[Collected data entries]

-------

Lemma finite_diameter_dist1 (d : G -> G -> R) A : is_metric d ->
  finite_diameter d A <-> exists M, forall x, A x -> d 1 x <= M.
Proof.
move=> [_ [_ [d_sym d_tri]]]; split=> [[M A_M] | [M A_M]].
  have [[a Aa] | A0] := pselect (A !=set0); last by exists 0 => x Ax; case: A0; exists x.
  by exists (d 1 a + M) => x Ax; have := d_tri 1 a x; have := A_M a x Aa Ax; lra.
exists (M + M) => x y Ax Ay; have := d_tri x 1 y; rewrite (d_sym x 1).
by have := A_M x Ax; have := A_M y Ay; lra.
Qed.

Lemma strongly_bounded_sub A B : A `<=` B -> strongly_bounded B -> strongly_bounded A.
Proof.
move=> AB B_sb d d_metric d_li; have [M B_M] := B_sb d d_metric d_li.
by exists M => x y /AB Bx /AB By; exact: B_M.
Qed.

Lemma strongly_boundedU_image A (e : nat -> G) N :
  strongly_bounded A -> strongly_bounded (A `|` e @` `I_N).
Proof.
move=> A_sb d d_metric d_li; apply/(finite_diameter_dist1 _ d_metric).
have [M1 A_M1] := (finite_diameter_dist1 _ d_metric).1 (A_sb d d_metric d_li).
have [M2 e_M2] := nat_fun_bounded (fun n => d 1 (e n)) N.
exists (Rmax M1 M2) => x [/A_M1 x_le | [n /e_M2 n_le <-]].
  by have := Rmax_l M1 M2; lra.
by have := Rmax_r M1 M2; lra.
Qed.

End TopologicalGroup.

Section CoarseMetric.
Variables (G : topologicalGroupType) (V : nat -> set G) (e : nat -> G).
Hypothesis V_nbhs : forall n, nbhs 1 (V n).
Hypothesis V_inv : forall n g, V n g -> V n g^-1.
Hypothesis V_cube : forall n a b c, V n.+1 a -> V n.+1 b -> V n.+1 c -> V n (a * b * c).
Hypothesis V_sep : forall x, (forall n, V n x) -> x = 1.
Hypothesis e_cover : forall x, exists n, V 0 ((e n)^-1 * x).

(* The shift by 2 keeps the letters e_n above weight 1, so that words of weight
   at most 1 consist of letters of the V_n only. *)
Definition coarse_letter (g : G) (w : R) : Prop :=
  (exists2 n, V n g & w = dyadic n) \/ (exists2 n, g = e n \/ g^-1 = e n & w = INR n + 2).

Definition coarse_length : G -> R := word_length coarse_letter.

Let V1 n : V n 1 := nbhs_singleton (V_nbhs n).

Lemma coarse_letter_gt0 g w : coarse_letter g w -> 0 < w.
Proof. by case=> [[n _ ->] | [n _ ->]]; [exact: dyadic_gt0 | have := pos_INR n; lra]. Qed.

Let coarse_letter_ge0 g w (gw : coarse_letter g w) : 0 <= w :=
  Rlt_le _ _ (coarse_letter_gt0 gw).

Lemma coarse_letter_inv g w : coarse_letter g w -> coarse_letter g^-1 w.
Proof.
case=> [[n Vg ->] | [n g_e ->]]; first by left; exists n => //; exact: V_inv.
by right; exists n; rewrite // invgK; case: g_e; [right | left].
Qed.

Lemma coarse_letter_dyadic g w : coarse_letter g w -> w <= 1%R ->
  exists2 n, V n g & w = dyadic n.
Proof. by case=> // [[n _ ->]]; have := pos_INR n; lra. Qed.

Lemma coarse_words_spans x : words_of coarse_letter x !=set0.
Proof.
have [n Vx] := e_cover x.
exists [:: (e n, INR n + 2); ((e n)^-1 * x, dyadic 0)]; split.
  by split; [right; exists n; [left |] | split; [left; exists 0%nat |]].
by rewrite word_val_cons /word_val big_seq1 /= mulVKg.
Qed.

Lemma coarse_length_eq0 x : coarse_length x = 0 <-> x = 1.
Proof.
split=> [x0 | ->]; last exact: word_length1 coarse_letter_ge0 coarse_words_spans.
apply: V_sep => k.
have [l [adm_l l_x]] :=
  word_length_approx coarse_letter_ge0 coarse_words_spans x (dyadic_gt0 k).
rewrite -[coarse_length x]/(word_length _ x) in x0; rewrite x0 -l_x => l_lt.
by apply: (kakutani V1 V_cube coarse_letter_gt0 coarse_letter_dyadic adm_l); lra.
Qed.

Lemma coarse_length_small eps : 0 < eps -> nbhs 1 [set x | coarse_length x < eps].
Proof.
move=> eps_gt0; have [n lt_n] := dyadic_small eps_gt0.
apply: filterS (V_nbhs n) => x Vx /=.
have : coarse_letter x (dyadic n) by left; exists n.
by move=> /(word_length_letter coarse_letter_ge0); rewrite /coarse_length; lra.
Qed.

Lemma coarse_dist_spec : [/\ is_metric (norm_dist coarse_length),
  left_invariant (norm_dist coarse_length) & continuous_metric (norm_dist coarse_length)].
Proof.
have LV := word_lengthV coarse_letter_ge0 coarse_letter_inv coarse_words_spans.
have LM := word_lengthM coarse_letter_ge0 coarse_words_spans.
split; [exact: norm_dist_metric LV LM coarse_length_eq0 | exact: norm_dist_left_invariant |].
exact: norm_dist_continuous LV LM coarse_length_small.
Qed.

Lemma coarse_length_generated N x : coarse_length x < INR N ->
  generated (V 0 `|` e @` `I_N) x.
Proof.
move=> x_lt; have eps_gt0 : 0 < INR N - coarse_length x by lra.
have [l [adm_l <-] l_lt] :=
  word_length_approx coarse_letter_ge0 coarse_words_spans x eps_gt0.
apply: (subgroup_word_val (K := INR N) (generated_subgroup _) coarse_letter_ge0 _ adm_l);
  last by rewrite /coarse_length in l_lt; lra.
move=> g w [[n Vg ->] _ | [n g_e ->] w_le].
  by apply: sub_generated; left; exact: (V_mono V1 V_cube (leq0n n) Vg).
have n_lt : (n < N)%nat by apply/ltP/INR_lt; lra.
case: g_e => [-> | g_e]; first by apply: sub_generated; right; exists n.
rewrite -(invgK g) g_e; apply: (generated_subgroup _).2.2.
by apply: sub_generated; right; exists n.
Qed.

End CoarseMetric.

-------

▸ **What you should do**:
Return each line from the entries above that includes "split".

▸ **Reply to the task**:
move=> [_ [_ [d_sym d_tri]]]; split=> [[M A_M] | [M A_M]].
exists [:: (e n, INR n + 2); ((e n)^-1 * x, dyadic 0)]; split.
  by split; [right; exists n; [left |] | split; [left; exists 0%nat |]].
split=> [x0 | ->]; last exact: word_length1 coarse_letter_ge0 coarse_words_spans.
split; [exact: norm_dist_metric LV LM coarse_length_eq0 | exact: norm_dist_left_invariant |].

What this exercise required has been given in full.